Japan's steel sector as a whole has bought about 50 million CERs or 5% of the total estimated flow of CERs for Kyoto's five year first phase. The credits are generated from UN approved clean energy projects in developing countries.
Each CER represents one tonne of CO2 saved from being emitted, such as using wind power instead of coal to generate electricity. Based on current market prices in Europe, the 50 million credits bought by the steel sector are worth around EUR 570 million, showing how significant the sector is to the international market.
Carbon traders said that steel companies have considered selling their surplus CERs, but are waiting to see projected final emissions balances for 2008-2012.
That is partly because the goal the sector set for itself for 2020 looks easier to meet than the one for 2008-2012. S, Japan is developing an alternative to the U.N. market schemes to promote its energy saving technology such as those used by steelmakers, and can obtain carbon offset certificates via bilateral agreements with poorer countries. This means the steel sector might have another option even if it fails to meet its 2020 goal.
Unlike Japanese firms, ArcelorMittal has had little appetite for Kyoto credits, benefiting from having more than half of its steel production in non EU countries where carbon regulations are looser.
Carbon dioxide from burning fossil fuels is the main greenhouse gas that scientists say is heating up the planet. Growth in steel demand centers on emerging markets, which are the target for Nippon Steel and Sumitomo as well.
Mr Akihiro Sawa executive senior fellow at the 21st Century Public Policy Institute in Tokyo said that the two firms would come up with steps to cut their CO2 emissions worldwide by 10% to 20% below current levels. He added that "I don't think they have agreed to consider a merger in the context of global climate change. Their intention has been driven by rivals like ArcelorMittal and concerns about their purchasing power against resource firms. Having said that, I'm sure their agenda for merger talks will include a strategy to fight climate change."
In 1990, Japan's steel sector as a whole emitted just over 200 million tonnes of CO2. But a peak out in domestic output means the sector is well within the goal of 183 million tonnes a year on average for 2008-2012, which would be down 9 percent from the Kyoto Protocol's base year of 1990.

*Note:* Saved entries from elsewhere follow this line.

(* Over the class of serial models (models in which every world has at least one $R$-successor): (1) the formula $[\ddagger^{\ast}(p\land q)](\lnot\Box p\land\lnot\Box q)$ is true at every world of every serial model; but (2) the formula $[\ddagger(p\land q)](\lnot\Box p\land\lnot\Box q)$ is not true at every world of every serial model. Here $p,q$ are distinct atoms.
   Context: Fix a countable non-empty set $\mathit{At}$ of atoms. Formulas are built from $\top$, atoms, $\lnot$, $\land$, $\Box$ and, for propositional $\pi$, operators $[\ddagger\pi]$ and $[\ddagger^{\ast}\pi]$. A model is $\mathcal{M}=\langle W,R,V\rangle$, $W\neq\varnothing$, $R\subseteq W\times W$, $V:\mathit{At}\to\mathcal{P}(W)$, standard Kripke semantics for $\Box$. A literal is an atom or its negation; a clause is a finite set $D$ of literals read as $\bigvee D$ ($\bigvee\varnothing:=\bot$), tautological if it contains $p$ and $\lnot p$ for some $p$. For propositional $\pi$, $\mathcal{C}(\pi)$ is the set of non-tautological clauses $D$ with $\models\pi\to\bigvee D$ and no $D'\subsetneq D$ with $\models\pi\to\bigvee D'$. For a model $\mathcal{M}$ and a finite family $(D_i)_{i\in I}$ of non-tautological clauses with $0\notin I$, $\mathcal{M}^{(D_i)_{i\in I}}_u=\langle W',R',V'\rangle$ has $W'=W\times(\{0\}\cup I)$, $(w,i)R'(v,j)$ iff $wRv$, $(w,0)\in V'(p)$ iff $w\in V(p)$, and for $i\in I$: $(w,i)\in V'(p)$ iff $\lnot p\in D_i$, or $\{p,\lnot p\}\cap D_i=\varnothing$ and $w\in V(p)$. Semantics: $\mathcal{M},w\models[\ddagger\pi]\varphi$ iff for all $D_1\in\mathcal{C}(\pi)$, $D_2\in\mathcal{C}(\lnot\pi)$, $\mathcal{M}^{(D_1,D_2)}_u,(w,0)\models\varphi$ (indexed by $I=\{1,2\}$). Strong forgetting whether: $\mathcal{M},w\models[\ddagger^{\ast}\pi]\varphi$ iff $\mathcal{M}^{\mathcal{C}(\pi)\cup\mathcal{C}(\lnot\pi)}_u,(w,0)\models\varphi$, where the family is the set $\mathcal{C}(\pi)\cup\mathcal{C}(\lnot\pi)$ indexed by itself (one new copy of $W$ per clause). *)

From mathcomp Require Import all_boot finmap.
Set Implicit Arguments.
Unset Strict Implicit.
Unset Printing Implicit Defensive.
Local Open Scope fset_scope.

Section Logic.
Variable At : countType.

Inductive pform : Type :=
| PTop : pform
| PAtom : At -> pform
| PNeg : pform -> pform
| PAnd : pform -> pform -> pform.

Inductive form : Type :=
| FTop : form
| FAtom : At -> form
| FNeg : form -> form
| FAnd : form -> form -> form
| FBox : form -> form
| FForget : pform -> form -> form
| FSForget : pform -> form -> form.

Fixpoint peval (v : At -> bool) (pi : pform) : Prop :=
  match pi with
  | PTop => True
  | PAtom a => v a = true
  | PNeg pi' => ~ peval v pi'
  | PAnd pi1 pi2 => peval v pi1 /\ peval v pi2
  end.

(* Literals: (a, true) is the atom a, (a, false) is its negation. *)
Definition literal := (At * bool)%type.
(* Clauses: finite sets of literals, read disjunctively. *)
Definition clause := {fset literal}.

Definition clause_sat (v : At -> bool) (D : clause) : Prop :=
  exists2 l, l \in D & v l.1 = l.2.

Definition tautological (D : clause) : Prop :=
  exists a, (a, true) \in D /\ (a, false) \in D.

Definition entails_clause (pi : pform) (D : clause) : Prop :=
  forall v : At -> bool, peval v pi -> clause_sat v D.

Definition Cl (pi : pform) (D : clause) : Prop :=
  ~ tautological D /\ entails_clause pi D /\
  ~ (exists D' : clause, D' `<` D /\ entails_clause pi D').

Record model : Type := Model {
  W : Type;
  W_inhab : inhabited W;
  R : W -> W -> Prop;
  V : At -> W -> Prop
}.

Definition serial (M : model) : Prop := forall w : W M, exists v, R w v.

(* The update M^{(D_i)_{i in I}}_u, with the copy 0 encoded as None and
   copy i in I encoded as Some i. *)
Definition update (M : model) (I : Type) (D : I -> clause) : model :=
  {| W := (W M * option I)%type;
     W_inhab := match W_inhab M with inhabits w => inhabits (w, None) end;
     R := fun x y => R x.1 y.1;
     V := fun a x => match x.2 with
                     | None => V a x.1
                     | Some i => (a, false) \in D i \/
                                 ((a, true) \notin D i /\ (a, false) \notin D i
                                  /\ V a x.1)
                     end |}.

Fixpoint sat (phi : form) (M : model) (w : W M) {struct phi} : Prop :=
  match phi with
  | FTop => True
  | FAtom a => V a w
  | FNeg phi' => ~ sat phi' w
  | FAnd phi1 phi2 => sat phi1 w /\ sat phi2 w
  | FBox phi' => forall u : W M, R w u -> sat phi' u
  | FForget pi phi' =>
      forall D1 D2 : clause, Cl pi D1 -> Cl (PNeg pi) D2 ->
        sat phi' (M := update M (fun b : bool => if b then D1 else D2)) (w, None)
  | FSForget pi phi' =>
      sat phi' (M := update M (fun D : {D : clause | Cl pi D \/ Cl (PNeg pi) D} => proj1_sig D))
          (w, None)
  end.

End Logic.

(* The strong update adds one copy of the model per minimal clause of p /\ q,
   among them {p} and {q}. In a copy built from the unit clause {p} the atom p
   is false everywhere, and by seriality such a copy of some successor is
   always accessible from (w, 0); likewise for q. The ordinary update adds
   only one copy per polarity: choosing {p} for p /\ q and {~p, ~q} for its
   negation, in the one-world reflexive model where every atom is true, q
   stays true in all three copies, so [] q holds at (w, 0). *)
From mathcomp Require Import all_boot finmap.
Set Implicit Arguments.
Unset Strict Implicit.
Unset Printing Implicit Defensive.
Local Open Scope fset_scope.

Section Clauses.
Variable At : countType.

Lemma clause_sat0 (v : At -> bool) : ~ clause_sat v fset0.
Proof. by case=> l; rewrite inE. Qed.

Lemma fproper_fset1 (T : choiceType) (A : {fset T}) (x : T) :
  A `<` [fset x] -> A = fset0.
Proof.
by rewrite fproperEneq fsubset1 => /andP[/negPf-> /eqP].
Qed.

Lemma Cl_atom (pi : pform At) (a : At) (v0 : At -> bool) :
  peval v0 pi -> (forall v, peval v pi -> v a) -> Cl pi [fset (a, true)].
Proof.
move=> pi_v0 pi_a; split; [|split].
- by case=> b []; rewrite !inE => /eqP[->] /eqP.
- by move=> v /pi_a va; exists (a, true); rewrite ?inE.
- case=> D' [/fproper_fset1-> ent0].
  exact: clause_sat0 (ent0 _ pi_v0).
Qed.

Lemma Cl_neg_conj (p q : At) : p <> q ->
  Cl (PNeg (PAnd (PAtom p) (PAtom q))) [fset (p, false); (q, false)].
Proof.
move=> hpq; split; [|split].
- by case=> a []; rewrite !inE => /orP[] /eqP.
- move=> v /= npq; case vp: (v p); last by exists (p, false); rewrite ?inE ?eqxx.
  case vq: (v q); first by case: npq.
  by exists (q, false); rewrite ?inE ?eqxx ?orbT.
- case=> D' []; rewrite fproperE => /andP[/fsubsetP subD' /fsubsetPn[x xD xD']].
  (* Falsify exactly the atom of the literal x missing from D'. *)
  have x_neg : x.2 = false by move: xD; rewrite !inE => /orP[] /eqP->.
  have npq : peval (fun b => b != x.1) (PNeg (PAnd (PAtom p) (PAtom q))).
    by move: xD; rewrite !inE => /orP[] /eqP-> /= []; rewrite eqxx.
  move=> /(_ _ npq)[l lD' /= vl].
  have l_neg : l.2 = false by move: (subD' _ lD'); rewrite !inE => /orP[] /eqP->.
  move: vl; rewrite l_neg => /negbFE /eqP lx.
  by move: lD' xD'; rewrite (surjective_pairing l) (surjective_pairing x) lx l_neg x_neg => ->.
Qed.

End Clauses.

Section Update.
Variables (At : countType) (M : model At) (I : Type) (D : I -> clause At).

Lemma update_atom_pos (a : At) (w : W M) (i : I) :
  (a, true) \in D i -> ~ tautological (D i) ->
  ~ sat (FAtom a) ((w, Some i) : W (update M D)).
Proof.
move=> aD ntaut /= [naD | [] ]; last by rewrite aD.
by apply: ntaut; exists a.
Qed.

Lemma update_atom_keep (a : At) (w : W M) (i : I) :
  (a, true) \notin D i -> V a w -> sat (FAtom a) ((w, Some i) : W (update M D)).
Proof.
move=> naD Vaw /=.
by case: (boolP ((a, false) \in D i)) => [|nnaD]; [left | right].
Qed.

Lemma update_not_box_atom (a : At) (w : W M) (i : I) :
  serial M -> (a, true) \in D i -> ~ tautological (D i) ->
  ~ sat (FBox (FAtom a)) ((w, None) : W (update M D)).
Proof.
move=> /(_ w)[u wu] aD ntaut box_a.
exact: update_atom_pos aD ntaut (box_a (u, Some i) wu).
Qed.

End Update.

Definition full_model (At : countType) : model At :=
  {| W := unit; W_inhab := inhabits tt; R := fun _ _ => True;
     V := fun _ _ => True |}.

Lemma full_model_serial (At : countType) : serial (full_model At).
Proof. by move=> w; exists tt. Qed.

Theorem proposition8 (At : countType) (p q : At) (hpq : p <> q) :
  (forall (M : model At), serial M -> forall w : W M,
     sat (FSForget (PAnd (PAtom p) (PAtom q))
                   (FAnd (FNeg (FBox (FAtom p))) (FNeg (FBox (FAtom q))))) w)
  /\
  ~ (forall (M : model At), serial M -> forall w : W M,
     sat (FForget (PAnd (PAtom p) (PAtom q))
                  (FAnd (FNeg (FBox (FAtom p))) (FNeg (FBox (FAtom q))))) w).
Proof.
have pq_true : peval (fun _ => true) (PAnd (PAtom p) (PAtom q)) by [].
have Cl_p := Cl_atom (a := p) pq_true (fun v => @proj1 _ _).
have Cl_q := Cl_atom (a := q) pq_true (fun v => @proj2 _ _).
split.
- move=> M serM w; split.
  + exact: (update_not_box_atom (i := exist _ _ (or_introl Cl_p)) serM (fset11 _) Cl_p.1).
  + exact: (update_not_box_atom (i := exist _ _ (or_introl Cl_q)) serM (fset11 _) Cl_q.1).
- move=> /(_ _ (@full_model_serial At) tt _ _ Cl_p (Cl_neg_conj hpq)) [_]; apply.
  case=> [[] [i|]] _ //; apply: update_atom_keep => //.
  case: i; rewrite !inE //= !xpair_eqE ?andbF // andbT.
  by apply/eqP => /esym.
Qed.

The steel sector has set its own target for 2020 based on CO2 per unit of output, which does not necessarily cap CO2 in contrast to its 2008-2012 goal. If the sector meets the Japanese government's crude steel output estimate of 119.7 million tonnes for 2020, up 9% from last year, its self pledged target is to cut CO2 by 5 million tonnes from business as usual levels of about 210 million tonnes by 2020.